I'm not sure. I think other adults are more of an influence on my children than marketing. In these days of cbeebies, cbbc, series link and a 'skip forward' button, I think my children see less marketing than I did as a child. They've grown up in a little bubble where pretty much, home, nursery and school have all had adults who let the child choose freely. But the real world creeps in when other children say boys don't like fairies, or urrgggh only smelly BOYS like football, or granny or a friend's mum asks DD why she had the ugly football sticker when her friend got the pretty fairy one, or other parents and children point and laugh at the boy with the pink glitter tattoo.

And you can't bring up a child in a world of nongendered items only. You can only affect their perception of how gendered they are - butterflies and football exist whether you like it or not. We get to influence whether our children see them as "only for girls/boys" or not, but their friends, and therefore their friends' parents, also influence it.

VestalVirgin · 11/11/2015 17:37

What on Earth is wrong with girls toys and boys toys, and with a girl being girly and a boy being boyish in their preferences? Why do genders necessarily need to be blended?

Because most "girl toys" are not toys but things that only serve the purpose of grooming girls to become men's sextoys.

Hair decoration? Not a toy. Purse? Also not a toy. Doll? A toy, but with rather limited play options if the doll is visibly a baby.

Gender is a hierarchy with women at the bottom. It is not good for girls.

And as for pink fluffy unicorns, which are legitimately toys ... just look at the male fans of My Little Pony ... yes, boys would like to play with that.

EduCated · 11/11/2015 17:39

Pretty Nothing wrong with it at all, its the assumption that all girls like the same things, and all boys, with no overlap.

New That's the thing, it's not new at all. The whole stereotyping shebang has got so much worse in recent years. I don't remember such stark pink and blue/girl and boy divides when I was younger, compared with what we see now, and I'm only in my twenties.

CrohnicallyAspie · 11/11/2015 17:39

DD got a lovely gender neutral gift out of the kid's lucky dip run by my local parish council. It was a ceramic bonbon dish...

As a child I would also go for the blue, as I do for DD if she gets one of those pink/blue kinder eggs.

AuntieStella · 11/11/2015 17:40

"What on Earth is wrong with girls toys and boys toys, and with a girl being girly and a boy being boyish in their preferences?"

What makes a choice 'boyish' or 'girly' though? It's only habit, and quite limiting really.

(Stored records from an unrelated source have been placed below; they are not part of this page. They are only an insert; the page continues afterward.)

Lemma frame_world_addr_inj x y :
  occW x G' D' -> occW y G' D' -> aw' x = aw' y -> x = y.
Proof.
  intros Hx Hy E.
  destruct (classic (occW x G D)) as [Ox | Ox];
    [| symmetry; apply (new_world x Hx Ox); auto].
  destruct (classic (occW y G D)) as [Oy | Oy]; [| apply (new_world y Hy Oy); auto].
  rewrite (aw_old x Ox), (aw_old y Oy) in E. apply (world_addr_inj _ _ _ _ _ _ inv); auto.
Qed.

Lemma frame_nbhd_addr_inj a b :
  occN a G' D' -> occN b G' D' -> an' a = an' b -> a = b.
Proof.
  intros Ha Hb E.
  destruct (classic (occN a G D)) as [Oa | Oa];
    [| symmetry; apply (new_nbhd a Ha Oa); auto].
  destruct (classic (occN b G D)) as [Ob | Ob]; [| apply (new_nbhd b Hb Ob); auto].
  rewrite (an_old a Oa), (an_old b Ob) in E. apply (nbhd_addr_inj _ _ _ _ _ _ inv); auto.
Qed.

Lemma frame_search_inv : search_inv A0 ((G, D) :: H) G' D' aw' an'.
Proof.
  constructor.
  - intros f Hf Hk. apply dA_cons in Hf as [Hf | Hf]; auto.
    apply kept_left_in_new; auto. apply (kept_left_stays _ _ _ _ _ _ inv); auto.
  - intros f Hf Hk. apply dS_cons in Hf as [Hf | Hf]; auto.
    apply kept_right_in_new; auto. apply (kept_right_stays _ _ _ _ _ _ inv); auto.
  - intros f Hf. unfold seen in Hf. rewrite dA_cons, dS_cons in Hf.
    destruct Hf as [[Hf | Hf] | [Hf | Hf]]; auto using labels_occur_in.
    + apply labels_occur_old. apply seen_old_placed; right; left; exact Hf.
    + apply labels_occur_old. apply seen_old_placed; right; right; exact Hf.
  - intros f Hf. destruct (seen_new f Hf) as [Ho | [Hn | Ho]];
      [| exact (proj1 (added_ok f Hn)) |]; exact (proj1 (seen_old_placed f ltac:(auto))).
  - intros f Hf. destruct (seen_new f Hf) as [Ho | [Hn | Ho]]; [| exact (proj2 (added_ok f Hn)) |];
      destruct (seen_old_placed f ltac:(auto)) as (_ & Hl & Hw & Hn);
      apply (levelled_agree _ aw an); auto.
  - exact frame_left_done.
  - exact frame_right_done.
  - exact frame_bar_anchored.
  - exact new_owner_unique.
  - exact frame_world_addr_inj.
  - exact frame_nbhd_addr_inj.
  - intros x Hx. destruct (classic (occW x G D)) as [Ox | Ox];
      [| destruct (new_world x Hx Ox) as (? & ? & _); auto].
    destruct (world_addr_ok _ _ _ _ _ _ inv x Ox) as [Horig Hok].
    rewrite (aw_old x Ox). split; auto.
    eapply world_origin_old; eauto using kept_left_in_new.
  - intros a Ha. destruct (classic (occN a G D)) as [Oa | Oa];
      [| destruct (new_nbhd a Ha Oa) as (? & ? & _); auto].
    destruct (nbhd_addr_ok _ _ _ _ _ _ inv a Oa) as [Horig Hok].
    rewrite (an_old a Oa). split; auto.
    eapply nbhd_origin_old; eauto using kept_left_in_new, kept_right_in_new.
Qed.

End Frame.

Lemma owner_unique_step G G' pG nG cG :
  Permutation G (pG ++ cG) -> Permutation G' (nG ++ cG) -> (forall a x, ~ In (InN a x) nG) ->
  (forall a x y, In (InN a x) G -> In (InN a y) G -> x = y) ->
  forall a x y, In (InN a x) G' -> In (InN a y) G' -> x = y.
Proof.
  intros PG PG' HnoN Huniq a x y Hx Hy.
  destruct (in_new_left G G' pG nG cG PG PG' _ Hx) as [Hx' | Hx']; [| exfalso; eapply HnoN; eauto].
  destruct (in_new_left G G' pG nG cG PG PG' _ Hy) as [Hy' | Hy']; [| exfalso; eapply HnoN; eauto].
  eauto.
Qed.

Lemma static_step A0 H G D G' D' pG pD nG nD cG cD aw an :
  search_inv A0 H G D aw an ->
  Permutation G (pG ++ cG) -> Permutation G' (nG ++ cG) ->
  Permutation D (pD ++ cD) -> Permutation D' (nD ++ cD) ->
  Forall (removable_left H G D G' D') pG -> Forall (removable_right H G D G' D') pD ->
  Forall (placed A0 aw an G D) (nG ++ nD) ->
  (forall x a A B, In (FCnd x a A B) nG ->
     In (InN a x) G' /\ dA ((G, D) :: H) G' (FEx a A)) ->
  (forall a x, ~ In (InN a x) nG) ->
  search_inv A0 ((G, D) :: H) G' D' aw an.
Proof.
  intros inv PG PG' PD PD' Hpl Hpr Hadded Hanch HnoN.
  rewrite Forall_forall in Hadded.
  assert (Hold : forall f, In f G' \/ In f D' -> placed A0 aw an G D f).
  { intros f [Hf | Hf].
    - destruct (in_new_left G G' pG nG cG PG PG' f Hf) as [Ho | Hn];
        [apply (seen_placed _ H _ _ _ _ _ inv); left; left | apply Hadded, in_or_app]; auto.
    - destruct (in_new_right D D' pD nD cD PD PD' f Hf) as [Ho | Hn];
        [apply (seen_placed _ H _ _ _ _ _ inv); right; left | apply Hadded, in_or_app]; auto. }
  assert (HoccW : forall x, occW x G' D' -> occW x G D).
  { intros x (f & Hf & Hx). destruct (Hold f Hf) as (_ & _ & Hw & _); auto. }
  assert (HoccN : forall a, occN a G' D' -> occN a G D).
  { intros a (f & Hf & Ha). destruct (Hold f Hf) as (_ & _ & _ & Hn); auto. }
  eapply frame_search_inv with (pG := pG) (pD := pD) (nG := nG) (nD := nD) (cG := cG) (cD := cD);
    eauto.
  - intros f Hf. destruct (Hadded f Hf) as (? & ? & _); auto.
  - apply (owner_unique_step G G' pG nG cG PG PG' HnoN), (nbhd_owner_unique _ _ _ _ _ _ inv).
  - intros x Hx Hn. exfalso; auto.
  - intros a Ha Hn. exfalso; auto.
Qed.

Definition adds_new (H : list sequent) (G D G' D' : list lform) : Prop :=
  (exists f, In f G' /\ ~ dA H G f) \/ (exists f, In f D' /\ ~ dS H D f).

Lemma labels_occur_via f g G D :
  In g G \/ In g D -> incl (wlabs f) (wlabs g) -> incl (nlabs f) (nlabs g) ->
  labels_occur f G D.
Proof. intros Hg Hw Hn. split; intros; [exists g | exists g]; auto. Qed.

Ltac in_perm :=
  match goal with
  | P : Permutation ?L _ |- In _ ?L =>
      apply (Permutation_in _ (Permutation_sym P)); cbn; solve [auto]
  end.

Ltac occurs_via g :=
  apply (labels_occur_via _ g);
    [solve [left; assumption | right; assumption | in_perm | left; in_perm | right; in_perm]
    | intros ? ?; cbn in *; tauto ..].

Ltac placed_from :=
  repeat match goal with
  | P : placed _ _ _ _ _ _ |- _ => destruct P as (? & ? & [? ?]); cbn [lform_over] in *
  end;
  try match goal with
  | Hc : In (Cnd _ _) (subformulas _) |- _ => destruct (subformulas_Cnd _ _ _ Hc) as (? & ? & ?)
  end;
  split; [cbn in *; auto | split; [cbn in *; lia | split]];
  let Hy := fresh in
  intros ? Hy; cbn in *; repeat destruct Hy as [<- | Hy]; try contradiction; auto.

Ltac split_Forall := repeat apply Forall_cons; try apply Forall_nil.
Ltac no_anchor := intros ? ? ? ? Hin; cbn in Hin; intuition discriminate.
Ltac no_InN := intros ? ? Hin; cbn in Hin; intuition discriminate.

Lemma placed_component A0 aw an G D x F F' :
  placed A0 aw an G D (Lab x F) -> In F' (subformulas F) -> cnd_depth F' <= cnd_depth F ->
  placed A0 aw an G D (Lab x F').
Proof.
  intros (Hover & Hlev & Hlab) HF' Hdepth. repeat split; try apply Hlab.
  - eapply subformulas_trans; eauto.
  - cbn in *; lia.
Qed.

Ltac placed_components :=
  split_Forall; eapply placed_component; eauto; cbn; auto using in_or_app, subformulas_refl; lia.

Section StaticRules.

Variables (A0 : formula) (H : list sequent) (G D : list lform) (aw an : nat -> address).
Hypothesis inv : search_inv A0 H G D aw an.

Notation static_result G' D' :=
  (search_inv A0 ((G, D) :: H) G' D' aw an /\ adds_new H G D G' D').

Lemma placed_left f : In f G -> placed A0 aw an G D f.
Proof. intros Hf. apply (seen_placed _ H _ _ _ _ _ inv). left; left; exact Hf. Qed.

Lemma placed_right f : In f D -> placed A0 aw an G D f.
Proof. intros Hf. apply (seen_placed _ H _ _ _ _ _ inv). right; left; exact Hf. Qed.

Lemma kept_left_unseen f : kept_left f -> ~ In f G -> ~ dA H G f.
Proof. intros Hk Hf Hd. apply Hf, (kept_left_stays _ _ _ _ _ _ inv); auto. Qed.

"Why do genders necessarily need to be blended?"

They don't. Just let toys be toys, and let them choose, free of expectation that 'this is for type A and that is for type B'. And for a tombola, where they will choose unseen, it's best to have items with the broadest possible appeal.

"Only on MN I come across such insistence on gender-neutral upbringing."

That's a strength of a large website such as this. It takes you beyond your immediate (probably endogamous) circle.